(WHAT THIS TASK INVOLVES)
Among the records, which lines include "exact"? List them.
________________________
Theorem mainTheorem9
  (T N d D : nat) (mu : vec N) (sigma : mat N D)
  (ga gp : nat -> vec D -> R) (c : nat -> vec N -> R)
  (Dga : nat -> vec D -> vec D) (Hga : nat -> vec D -> mat D D)
  (Dgp : nat -> vec D -> vec D)
  (Dc : nat -> vec N -> vec N) (Hc : nat -> vec N -> mat N N)
  (HNd : (N <= d)%N) (HdD : (d <= D)%N)
  (Hsig0 : forall (i : 'I_N) (j : 'I_D), (d <= j)%N -> sigma i j = 0)
  (Hsigind : full_row_rank sigma)
  (Hga_conc : forall t, (t < T)%N -> concave_fun (ga t) /\ ga t vzero = 0)
  (Hgp_conc : forall t, (t < T)%N -> concave_fun (gp t) /\ gp t vzero = 0)
  (Hc_conv : forall t, (t < T)%N -> strictly_convex_fun (c t))
  (Hgp_C1 : forall t, (t < T)%N -> is_C1 (gp t) (Dgp t))
  (Hga_C2 : forall t, (t < T)%N -> is_C2 (ga t) (Dga t) (Hga t))
  (Hc_C2 : forall t, (t < T)%N -> is_C2 (c t) (Dc t) (Hc t)) :
  (forall t, (t < T)%N -> forall (beta : R) (A : vec N) (gamma : vec D),
      Ct mu sigma (ga t) (c t) beta A gamma <->
      (forall i, beta * mu i - Dc t A i + beta * mulmv sigma (Dga t gamma) i = 0))
  /\
  (forall (At : nat -> vec N) (betat : nat -> R) (gammat : nat -> vec D),
      optimal_contract T mu sigma ga gp c At betat gammat ->
      (forall t, (t < T)%N ->
         full_row_rank
           (blk3 (vadd mu (mulmv sigma (Dga t (gammat t))))
                 (fun i k => betat t * mulmm sigma (Hga t (gammat t)) i k)
                 (fun i k => - Hc t (At t) i k))) ->
      forall t, (t < T)%N -> exists lam : vec N,
        (forall i, betat t * mu i - Dc t (At t) i
                   + betat t * mulmv sigma (Dga t (gammat t)) i = 0) /\
        (forall i, mu i - Dc t (At t) i
                   + mulmv sigma (Dgp t (vsub (trmv sigma (At t)) (gammat t))) i
                   - mulmv (Hc t (At t)) lam i = 0) /\
        (forall j, Dga t (gammat t) j
                   - Dgp t (vsub (trmv sigma (At t)) (gammat t)) j
                   + betat t * mulmv (Hga t (gammat t)) (trmv sigma lam) j = 0) /\
        dot lam (vadd mu (mulmv sigma (Dga t (gammat t)))) = 0).
Proof.
have foc t (Ht : (t < T)%N) := Ct_iff_foc mu sigma (proj1 (Hga_C2 t Ht))
  (proj1 (Hga_conc t Ht)) (proj1 (Hc_C2 t Ht)) (Hc_conv t Ht).
split => [t Ht | At betat gammat Hopt Hrank t Ht]; first exact: foc.
have [HCt Hmax] := Hopt t Ht.
have [lam Hlam] := principal_kkt (Hga_C2 t Ht) (Hgp_C1 t Ht) (Hc_C2 t Ht)
  (proj1 (Hga_conc t Ht)) (Hc_conv t Ht) HCt Hmax (Hrank t Ht).
by exists lam; split; first exact/(foc t Ht).
Qed.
________________________
(RESPONSE TO THIS EXERCISE)
split => [t Ht | At betat gammat Hopt Hrank t Ht]; first exact: foc.
by exists lam; split; first exact/(foc t Ht).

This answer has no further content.